Developer: "Well, we can either build our website in document mode or in
application mode."

Management: "What's the difference?"

Developer: "If we build it in document mode, it loads quickly and cleanly
and..."

Management: "Does document mode let us put the modal popover window that got
5% of our visitors to join our newsletter last month?"

Developer: "Well, nope."

Management: "And the third party tracker?"

Developer: "Again, no."

Management: "So we can't monetize or track how many sticky eyeballs are
consuming our content?"

Developer: "Nope."

Management: "App mode it is."

Developer: "But it isn't an app. It's just static pages."

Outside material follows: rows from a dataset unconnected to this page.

Lemma symsum_zero (f : Z -> R) N : (forall z, in_window N z -> f z = 0) -> symsum f N = 0.
Proof.
  intros H. rewrite (symsum_ext f (fun z => 0 * f z)) by (intros z Hz; rewrite H; auto; ring).
  rewrite symsum_scal. ring.
Qed.

Lemma symsum_nonneg (f : Z -> R) N : (forall z, 0 <= f z) -> 0 <= symsum f N.
Proof.
  intros H. rewrite <- (symsum_zero (fun _ => 0) N) by auto. apply symsum_le, H.
Qed.

Lemma symsum_growing (f : Z -> R) : (forall z, 0 <= f z) -> Un_growing (symsum f).
Proof.
  intros H n. rewrite symsum_S.
  pose proof (H (Z.of_nat (S n))); pose proof (H (- Z.of_nat (S n))%Z); lra.
Qed.

Lemma symsum_term (f : Z -> R) N z :
  (forall z, 0 <= f z) -> in_window N z -> f z <= symsum f N.
Proof.
  intros H. induction N as [|N IH]; intros Hz; unfold in_window in Hz.
  - rewrite symsum_0. replace z with 0%Z by lia. lra.
  - pose proof (symsum_nonneg f N H). rewrite symsum_S.
    pose proof (H (Z.of_nat (S N))); pose proof (H (- Z.of_nat (S N))%Z).
    destruct (Z.eq_dec z (Z.of_nat (S N))) as [->|]; [lra|].
    destruct (Z.eq_dec z (- Z.of_nat (S N))%Z) as [->|]; [lra|].
    assert (f z <= symsum f N) by (apply IH; unfold in_window; lia). lra.
Qed.

Lemma symsum_single (f : Z -> R) y N :
  in_window N y -> (forall z, z <> y -> f z = 0) -> symsum f N = f y.
Proof.
  intros Hy H. induction N as [|N IH]; unfold in_window in Hy.
  - rewrite symsum_0. f_equal. lia.
  - rewrite symsum_S.
    destruct (Z.eq_dec y (Z.of_nat (S N))) as [->|Hne1].
    + rewrite (H (- _)%Z) by lia.
      rewrite symsum_zero by (unfold in_window; intros; apply H; lia). ring.
    + destruct (Z.eq_dec y (- Z.of_nat (S N))%Z) as [->|Hne2].
      * rewrite (H (Z.of_nat _)) by lia.
        rewrite symsum_zero by (unfold in_window; intros; apply H; lia). ring.
      * rewrite IH, (H (Z.of_nat (S N))), (H (- Z.of_nat (S N))%Z) by (unfold in_window; lia).
        ring.
Qed.

Lemma symsum_telescope_down (H : Z -> R) N :
  symsum (fun z => H z - H (z - 1)%Z) N = H (Z.of_nat N) - H (- Z.of_nat N - 1)%Z.
Proof.
  induction N as [|N IH]; [reflexivity|].
  rewrite symsum_S, IH.
  replace (Z.of_nat (S N) - 1)%Z with (Z.of_nat N) by lia.
  replace (- Z.of_nat N - 1)%Z with (- Z.of_nat (S N))%Z by lia. ring.
Qed.

Lemma symsum_telescope_up (G : Z -> R) N :
  symsum (fun z => G z - G (z + 1)%Z) N = G (- Z.of_nat N)%Z - G (Z.of_nat N + 1)%Z.
Proof.
  induction N as [|N IH]; [reflexivity|].
  rewrite symsum_S, IH.
  replace (- Z.of_nat (S N) + 1)%Z with (- Z.of_nat N)%Z by lia.
  replace (Z.of_nat N + 1)%Z with (Z.of_nat (S N)) by lia. ring.
Qed.

Lemma symsum_derivable (F F' : Z -> R -> R) t N :
  (forall z, derivable_pt_lim (F z) t (F' z t)) ->
  derivable_pt_lim (fun u => symsum (fun z => F z u) N) t (symsum (fun z => F' z t) N).
Proof.
  intros H. induction N as [|N IH]; [exact (H 0%Z)|].
  rewrite symsum_S.
  apply derivable_pt_lim_ext with
    (f := plus_fct (plus_fct (fun u => symsum (fun z => F z u) N) (F (Z.of_nat (S N))))
                   (F (- Z.of_nat (S N))%Z)).
  - intros u. unfold plus_fct. rewrite symsum_S. reflexivity.
  - repeat apply derivable_pt_lim_plus; auto.
Qed.

(** Right-continuity at [0], the mean value inequality and Grönwall's lemma. *)

Definition right_cont0 (f : R -> R) : Prop := limit1_in f (fun t => 0 <= t) (f 0) 0.

(* The epsilon-delta form in which [bd_transition] states right-continuity. *)
Lemma right_cont0_intro (f : R -> R) :
  (forall eps, 0 < eps -> exists delta, 0 < delta /\
     forall t, 0 <= t < delta -> Rabs (f t - f 0) < eps) ->
  right_cont0 f.
Proof.
  intros H eps He. destruct (H eps He) as [d [Hd Ht]]. exists d. split; [lra|].
  intros t [Ht0 Hdist]. simpl in *. unfold R_dist in *.
  rewrite Rminus_0_r, Rabs_right in Hdist by lra. apply Ht. lra.
Qed.

Lemma right_cont0_of_continuity (f : R -> R) : continuity_pt f 0 -> right_cont0 f.
Proof.
  intros H eps He. destruct (H eps He) as [d [Hd Ht]]. exists d. split; [exact Hd|].
  intros t [Ht0 Hdist]. destruct (Req_dec t 0) as [->|Hne].
  - simpl. unfold R_dist. rewrite Rminus_diag, Rabs_R0. lra.
  - apply Ht. repeat split; auto.
Qed.

Lemma right_cont0_ext (f g : R -> R) :
  (forall t, f t = g t) -> right_cont0 f -> right_cont0 g.
Proof.
  intros H Hf eps He. destruct (Hf eps He) as [d [Hd Ht]]. exists d. split; [exact Hd|].
  intros t Hx. rewrite <- !H. apply Ht, Hx.
Qed.

Lemma right_cont0_symsum (F : Z -> R -> R) N :
  (forall z, right_cont0 (F z)) -> right_cont0 (fun t => symsum (fun z => F z t) N).
Proof.
  intros H. induction N as [|N IH]; [exact (H 0%Z)|].
  apply right_cont0_ext with
    (f := fun t => symsum (fun z => F z t) N + F (Z.of_nat (S N)) t + F (- Z.of_nat (S N))%Z t).
  - intros t. rewrite symsum_S. reflexivity.
  - apply limit_plus; [apply limit_plus|]; [exact IH | apply H | apply H].
Qed.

Management: "APP APP APP APP APP APP. I hear you can go on a course to build
apps in less than a week."

Developer: _starts checking his LinkedIn for an employer who doesn 't make him
want to take a pickaxe to his own face_

------
bshimmin
Two things that caught my eye in this article were "Many people have turned to
ad blockers" and "A small but growing number of people, however, are taking
ad-blocking a step further and just disabling JavaScript altogether". For the
first quote, I know many people in tech who use ad blockers (but maybe still
not a majority?), but I'm pretty sure they aren't all that prevalent outside
of it (or why would advertisers bother?). As for the second quote, is this
actually true or supported by any real evidence?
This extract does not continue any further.